Generalizando: todo e qualquer ato locucionário emitido mediante toda e
qualquer língua humana tem de expressar um ato ilocucionário, pois usar a linguagem é
sempre usar a linguagem para fazer isto ou aquilo, não importando se é o caso de emitir
uma séria proposição filosófica, invocar a ira dos deuses clamando por vingança ou
contar uma boa piada. Reitera-mos: costumamos usar a linguagem para desempenhar
diversos e heteróclitos tipos de ação e visando às mais diferentes finalidades. Mas se a
relação entre (1) e (2) é uma relação de superposição pressupondo simultaneidade, a que
se dá entre (1) e (2), tomadas conjuntamente, e (3) é uma relação causal e, como tal, tem
de pressupor um fator antecedente (causa) e um subseqüente (efeito), ou seja: o ato
perlocucionário é um efeito extralingüístico produzido por uma causa estritamente
lingüística.
Dizendo de outro modo: o ato perlocucionário nada tem em si de lingüístico,
seja quando se limita a produzir efeitos imediatos no mundo das crenças e dos modos de
pensar, seja quando por meio disto vai além disso e faz com que alguém desempenhe
uma ação corporal interferindo no mundo. Atender pedidos de alguém passando um
açucareiro ou fechando uma janela, etc; cumprir uma ordem de alguém fazendo isto ou
aquilo, observar uma advertência feita por alguém não fazendo isto nem aquilo, etc. não
podem, sob nenhuma hipótese, serem considerados ações lingüísticas. Assim como
trocar, comprar e vender são ações humanas.
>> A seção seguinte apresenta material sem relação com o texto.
Lemma notin_Phi_eigenvector n (A : 'M[R]_n) u lam : ~ Phi A u lam ->
  forall x : 'rV[R]_n, x *m A = lam *: x -> x 0 u = 0.
Proof.
move=> uPhi x xA; have [E [EE ET EK]] := orthogonal_projection_exists (eigenspace A lam).
have Eu : E *m evec R u = 0.
  by apply/eqP; apply: contrapT => /negP Eu; apply: uPhi; exists E.
have xK : (x <= eigenspace A lam)%MS.
  by apply/sub_kermxP; rewrite mulmxBr xA mul_mx_scalar subrr.
have xE : (x <= E)%MS by rewrite (eqmxP EK).
have -> : x 0 u = (x *m evec R u) 0 0 by rewrite /evec -colE mxE.
have [y ->] := submxP xE.
by rewrite -mulmxA Eu mulmx0 mxE.
Qed.

End OrthogonalProjection.

Section SpectralWeights.
Variable R : realType.
Local Notation C := R[i].
Local Notation rc := (real_complex R).

Lemma map_mxpow n (A : 'M[R]_n) k : map_mx rc (mxpow A k) = map_mx rc A ^+ k.
Proof.
elim: k => [|k IH]; first by rewrite /mxpow /= map_mx1.
by rewrite /mxpow /= -/(mxpow A k) map_mxM IH exprS mulmxE.
Qed.

Lemma mxpow_unitary_conj n (P : 'M[C]_n) (d : 'rV[C]_n) k : P \is unitarymx ->
  ((P ^t* )%sesqui *m diag_mx d *m P) ^+ k =
  (P ^t* )%sesqui *m diag_mx (\row_j d 0 j ^+ k) *m P.
Proof.
move=> /unitarymxP PPt; have PtP := mulmx1C PPt.
elim: k => [|k IH].
  have -> : diag_mx (\row_j d 0 j ^+ 0) = 1%:M.
    by apply/matrixP => i j; rewrite !mxE expr0.
  by rewrite mulmx1 PtP expr0.
rewrite exprS -mulmxE IH !mulmxA -(mulmxA _ P) PPt mulmx1.
rewrite -(mulmxA _ (diag_mx d)) mulmx_diag.
by congr (_ *m diag_mx _ *m _); apply/rowP => j; rewrite !mxE exprS.
Qed.

Lemma symmetric_spectral_decomposition n (A : 'M[R]_n) : A^T = A ->
  exists2 P : 'M[C]_n, P \is unitarymx & exists l : 'I_n -> R,
    map_mx rc A = (P ^t* )%sesqui *m diag_mx (\row_j rc (l j)) *m P.
Proof.
move=> AT; set Ac := map_mx rc A.
have Aherm : Ac \is hermsymmx.
  apply/is_hermitianmxP; rewrite expr0 scale1r; apply/matrixP => i j.
  by rewrite !mxE -[in RHS]AT mxE /Num.conj /=; simpc.
have Pu := spectral_unitarymx Ac.
exists (spectralmx Ac) => //; exists (fun j => Re (spectral_diag Ac 0 j)).
rewrite {1}(orthomx_spectralP (hermitian_normalmx Aherm)) invmx_unitary //.
congr (_ *m diag_mx _ *m _); apply/rowP => j; rewrite mxE.
have /matrixP /(_ 0 j) := realmxC (hermitian_spectral_diag_real Aherm).
rewrite mxE; case: (spectral_diag Ac 0 j) => a b /= [] /eqP.
by rewrite eq_sym -subr_eq0 opprK -mulr2n mulrn_eq0 /= => /eqP ->.
Qed.

Lemma conjC_mul_self (z : C) : z^* * z = rc (Re z ^+ 2 + Im z ^+ 2).
Proof.
case: z => a b; rewrite /Num.conj /=; simpc.
by apply/eqP; rewrite eq_complex /= !expr2 eqxx /=; apply/eqP; ring.
Qed.

Lemma real_kernel_Re_Im n (A : 'M[R]_n) (p : 'rV[C]_n) : p *m map_mx rc A = 0 ->
  map_mx (@Re R) p *m A = 0 /\ map_mx (@Im R) p *m A = 0.
Proof.
move=> /rowP pA; split; apply/rowP => l; have := pA l; rewrite !mxE.
- move=> /(congr1 (@Re R)); rewrite (raddf_sum (@Re R : Rcomplex R -> R)).
  move=> sumRe; apply: etrans sumRe; apply: eq_bigr => i _; rewrite !mxE.
  by case: (p 0 i) => a b /=; rewrite mulr0 subr0.
- move=> /(congr1 (@Im R)); rewrite (raddf_sum (@Im R : Rcomplex R -> R)).
  move=> sumRe; apply: etrans sumRe; apply: eq_bigr => i _; rewrite !mxE.
  by case: (p 0 i) => a b /=; rewrite mulr0 add0r.
Qed.

Lemma symmetric_spectral_weights n (A : 'M[R]_n) u : A^T = A ->
  (forall x : 'rV[R]_n, x *m A = 0 -> x 0 u = 0) ->
  exists w l : 'I_n -> R, (forall k, mxpow A k u u = \sum_j w j * l j ^+ k) /\
                          (forall j, w j != 0 -> l j != 0).
Proof.
move=> AT Aker; have [P Pu [l Adiag]] := symmetric_spectral_decomposition AT.
exists (fun j => Re (P j u) ^+ 2 + Im (P j u) ^+ 2), l; split.
- move=> k; apply: complexI.
  have -> : rc (mxpow A k u u) = map_mx rc (mxpow A k) u u by rewrite mxE.
  rewrite map_mxpow Adiag.
  rewrite mxpow_unitary_conj // mul_mx_diag !mxE rmorph_sum; apply: eq_bigr => j _.
  by rewrite !mxE rmorphM rmorphXn mulrAC conjC_mul_self.
- move=> j; apply: contraNneq => lj0.
  (* the real and imaginary parts of a complex null vector of A are real null vectors *)
  have PA : row j P *m map_mx rc A = 0.
    have /unitarymxP PPt := Pu.
    rewrite Adiag -row_mul !mulmxA PPt mul1mx mul_diag_mx.
    by apply/rowP => i; rewrite !mxE lj0 mul0r.
  have [/Aker ReP /Aker ImP] := real_kernel_Re_Im PA.
  by move: ReP ImP; rewrite !mxE => -> ->; rewrite expr0n addr0.
Qed.

End SpectralWeights.

Section NotSedentary.
Variable R : realType.

Lemma unitmx_notin_Phi0 n (A : 'M[R]_n) u : A \in unitmx -> ~ Phi A u 0.
Proof.
move=> Au [E [[_ [_ EK]]]]; have -> : E = 0.
  apply/eqP; rewrite -submx0 (eqmxP EK) submx0 /eigenspace raddf0 subr0.
  by rewrite kermx_eq0 row_free_unit.
by rewrite mul0mx eqxx.
Qed.

Lemma double_adj_copy_not_sedentary n (A : 'M[R]_n) u v : A^T = A -> ~ Phi A u 0 ->
  v = copy0 u \/ v = copy1 u -> not_sedentary (double_adj A) v.
Proof.
move=> AT uPhi uv.
have Aker (x : 'rV_n) : x *m A = 0 -> x 0 u = 0.
  by move=> xA; apply: (notin_Phi_eigenvector uPhi); rewrite xA scale0r.
have [w [l [Aw wl]]] := symmetric_spectral_weights AT Aker.
apply: inf_pos_image_eq0 => [t|e e0]; first exact: sqrtr_ge0.
have [t t0 fte] := cos_sum_small wl e0.
by exists t; rewrite // (absU_double_adj_copy _ Aw uv).
Qed.

End NotSedentary.

Theorem theorem30 (R : realType) (n : nat) (A : 'M[R]_n) (u : 'I_n) :
  weighted_graph A -> graph_connected A -> ~ bipartite A ->
  (~ Phi A u 0 ->
     not_sedentary (double_adj A) (copy0 u) /\
     not_sedentary (double_adj A) (copy1 u)) /\
  (A \in unitmx -> forall v : 'I_(n + n), not_sedentary (double_adj A) v).
Proof.
move=> [AT _] _ _; split => [uPhi | Au v].
  by split; apply: double_adj_copy_not_sedentary AT uPhi _; [left | right].
have uPhi a := unitmx_notin_Phi0 (u := a) Au.
rewrite -(splitK v); case: (fintype.split v) => a /=.
- by apply: double_adj_copy_not_sedentary AT (uPhi a) _; left.
- by apply: double_adj_copy_not_sedentary AT (uPhi a) _; right.
Qed.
Neste sentido, a teoria dos atos de fala e a teoria da ação humana – embora
tenham sido desenvolvidas independentemente uma da outra e acalentando propósitos
bastante diferentes – não se excluem, porém parecem poder ser articuladas em uma
terceira, mais abrangente. Os filósofos deveriam se interessar mais pelas atividades dos
antropólogos e sociólogos e estes deveriam conceder mais importância ao fundamental
papel da linguagem como meio de comunicação e de ação.